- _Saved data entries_
■ ■ ■
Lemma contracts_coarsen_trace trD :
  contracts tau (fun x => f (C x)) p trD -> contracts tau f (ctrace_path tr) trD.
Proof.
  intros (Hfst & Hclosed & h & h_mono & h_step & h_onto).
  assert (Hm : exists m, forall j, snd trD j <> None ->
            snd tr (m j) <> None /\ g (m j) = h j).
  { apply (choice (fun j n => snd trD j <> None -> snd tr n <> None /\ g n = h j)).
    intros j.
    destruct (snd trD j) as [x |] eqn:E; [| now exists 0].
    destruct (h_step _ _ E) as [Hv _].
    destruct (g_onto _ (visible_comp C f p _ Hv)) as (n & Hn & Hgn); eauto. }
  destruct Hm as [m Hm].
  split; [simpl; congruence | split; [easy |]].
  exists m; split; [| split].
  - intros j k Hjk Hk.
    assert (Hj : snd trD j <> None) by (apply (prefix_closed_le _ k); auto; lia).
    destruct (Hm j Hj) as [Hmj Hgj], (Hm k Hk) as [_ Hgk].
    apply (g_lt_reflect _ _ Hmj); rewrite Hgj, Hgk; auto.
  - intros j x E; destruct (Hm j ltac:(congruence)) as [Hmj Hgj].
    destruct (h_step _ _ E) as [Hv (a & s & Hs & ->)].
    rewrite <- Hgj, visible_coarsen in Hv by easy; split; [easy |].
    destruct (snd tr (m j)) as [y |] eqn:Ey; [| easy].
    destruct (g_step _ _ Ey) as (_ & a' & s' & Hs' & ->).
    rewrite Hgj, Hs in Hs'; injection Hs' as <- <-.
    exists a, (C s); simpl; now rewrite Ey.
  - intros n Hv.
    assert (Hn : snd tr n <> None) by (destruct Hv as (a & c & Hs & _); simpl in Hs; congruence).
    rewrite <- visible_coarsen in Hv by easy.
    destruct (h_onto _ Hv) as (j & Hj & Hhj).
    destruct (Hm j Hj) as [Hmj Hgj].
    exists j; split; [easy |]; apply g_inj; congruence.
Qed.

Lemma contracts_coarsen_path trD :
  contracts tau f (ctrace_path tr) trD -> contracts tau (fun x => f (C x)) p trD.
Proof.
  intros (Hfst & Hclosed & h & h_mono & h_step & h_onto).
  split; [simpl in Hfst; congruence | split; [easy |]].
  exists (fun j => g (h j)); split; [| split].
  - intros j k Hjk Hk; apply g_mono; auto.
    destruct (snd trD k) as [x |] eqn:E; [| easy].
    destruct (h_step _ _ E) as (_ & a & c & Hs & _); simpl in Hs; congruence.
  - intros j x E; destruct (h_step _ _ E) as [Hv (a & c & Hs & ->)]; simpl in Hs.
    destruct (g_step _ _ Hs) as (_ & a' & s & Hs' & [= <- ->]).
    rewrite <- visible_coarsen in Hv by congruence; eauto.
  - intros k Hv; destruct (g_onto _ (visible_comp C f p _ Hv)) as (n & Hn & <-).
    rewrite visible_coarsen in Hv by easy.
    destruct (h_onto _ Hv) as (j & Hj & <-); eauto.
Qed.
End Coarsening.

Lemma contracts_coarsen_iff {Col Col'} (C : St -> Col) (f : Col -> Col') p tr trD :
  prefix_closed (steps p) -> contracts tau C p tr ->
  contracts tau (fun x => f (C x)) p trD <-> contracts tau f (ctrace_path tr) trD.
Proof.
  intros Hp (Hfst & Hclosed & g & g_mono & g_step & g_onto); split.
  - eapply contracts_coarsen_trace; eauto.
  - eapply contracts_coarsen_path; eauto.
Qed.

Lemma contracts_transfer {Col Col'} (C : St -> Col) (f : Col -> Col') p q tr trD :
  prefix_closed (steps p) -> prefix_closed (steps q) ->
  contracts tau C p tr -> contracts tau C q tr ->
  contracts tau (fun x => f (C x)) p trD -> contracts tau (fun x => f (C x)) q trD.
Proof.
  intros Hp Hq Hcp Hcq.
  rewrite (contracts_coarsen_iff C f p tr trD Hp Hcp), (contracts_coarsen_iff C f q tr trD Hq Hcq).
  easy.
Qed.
■ ■ ■
- _Try it_
Look above for every line with the word "eapply" and copy it.

- _Your response_
  - eapply contracts_coarsen_trace; eauto.
  - eapply contracts_coarsen_path; eauto.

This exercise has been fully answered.